Exercise directions - All that is wanted is the span of lines from the one with "- by apply/RleP; apply: Rroot_nonneg." to the last line of the data, copied exactly.

[Data extracted from a collection]
........

Lemma delay_AGM_bound (m : nat) (A : nat -> nat -> R) (y : nat -> R) :
  (1 <= m)%coq_nat ->
  (forall i j, (i < m)%coq_nat -> (j < m)%coq_nat -> 0 <= A i j) ->
  (forall i, (i < m)%coq_nat -> 0 < y i) ->
  (forall j, (j < m)%coq_nat ->
     sum_f_R0 (fun i => A i j * y i) (m - 1)%coq_nat <= y j) ->
  INR m ^ m * prod_f_R0 (fun j => Rroot m (prod_f_R0 (fun i => A i j) (m - 1)%coq_nat))
                (m - 1)%coq_nat <= 1.
Proof.
case: m => [/ssrnat.leP //|n] m_ge1 A_ge0 y_gt0 rows.
rewrite Nat.sub_succ Nat.sub_0_r in rows *.
have ord_lt (i : 'I_n.+1) : (i < n.+1)%coq_nat by apply/ssrnat.ltP.
have := @AGM_roots R 'I_n.+1 (fun j => Rroot n.+1 (prod_f_R0 (fun i => A i j) n))
          (fun j => prod_f_R0 (fun i => A i j) n).
rewrite card_ord prod_f_R0_big pow_exprn INR_natr => roots; apply/RleP.
apply: roots => // [j|j|].
- by apply/RleP; apply: Rroot_nonneg.
- rewrite -pow_exprn Rroot_pow //.
  by apply: prod_SO_pos => i i_le; apply: A_ge0; [lia | exact: ord_lt].
- have := @AGM_rows R 'I_n.+1 (fun i j => A i j) (fun i => y i).
  rewrite card_ord => rows_bound.
  under eq_bigr do rewrite prod_f_R0_big.
  apply: rows_bound.
  + by move=> i j; apply/RleP; apply: A_ge0.
  + by move=> i; apply/RltP; apply: y_gt0.
  + by move=> j; rewrite -(sum_f_R0_big (fun i => A i j * y i)); apply/RleP; apply: rows.
Qed.
End AGM.

From Coquelicot Require Import Coquelicot.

........

Result for this task -
- by apply/RleP; apply: Rroot_nonneg.
- rewrite -pow_exprn Rroot_pow //.
  by apply: prod_SO_pos => i i_le; apply: A_ge0; [lia | exact: ord_lt].
- have := @AGM_rows R 'I_n.+1 (fun i j => A i j) (fun i => y i).
  rewrite card_ord => rows_bound.
  under eq_bigr do rewrite prod_f_R0_big.
  apply: rows_bound.
  + by move=> i j; apply/RleP; apply: A_ge0.
  + by move=> i; apply/RltP; apply: y_gt0.
  + by move=> j; rewrite -(sum_f_R0_big (fun i => A i j * y i)); apply/RleP; apply: rows.
Qed.
End AGM.

From Coquelicot Require Import Coquelicot.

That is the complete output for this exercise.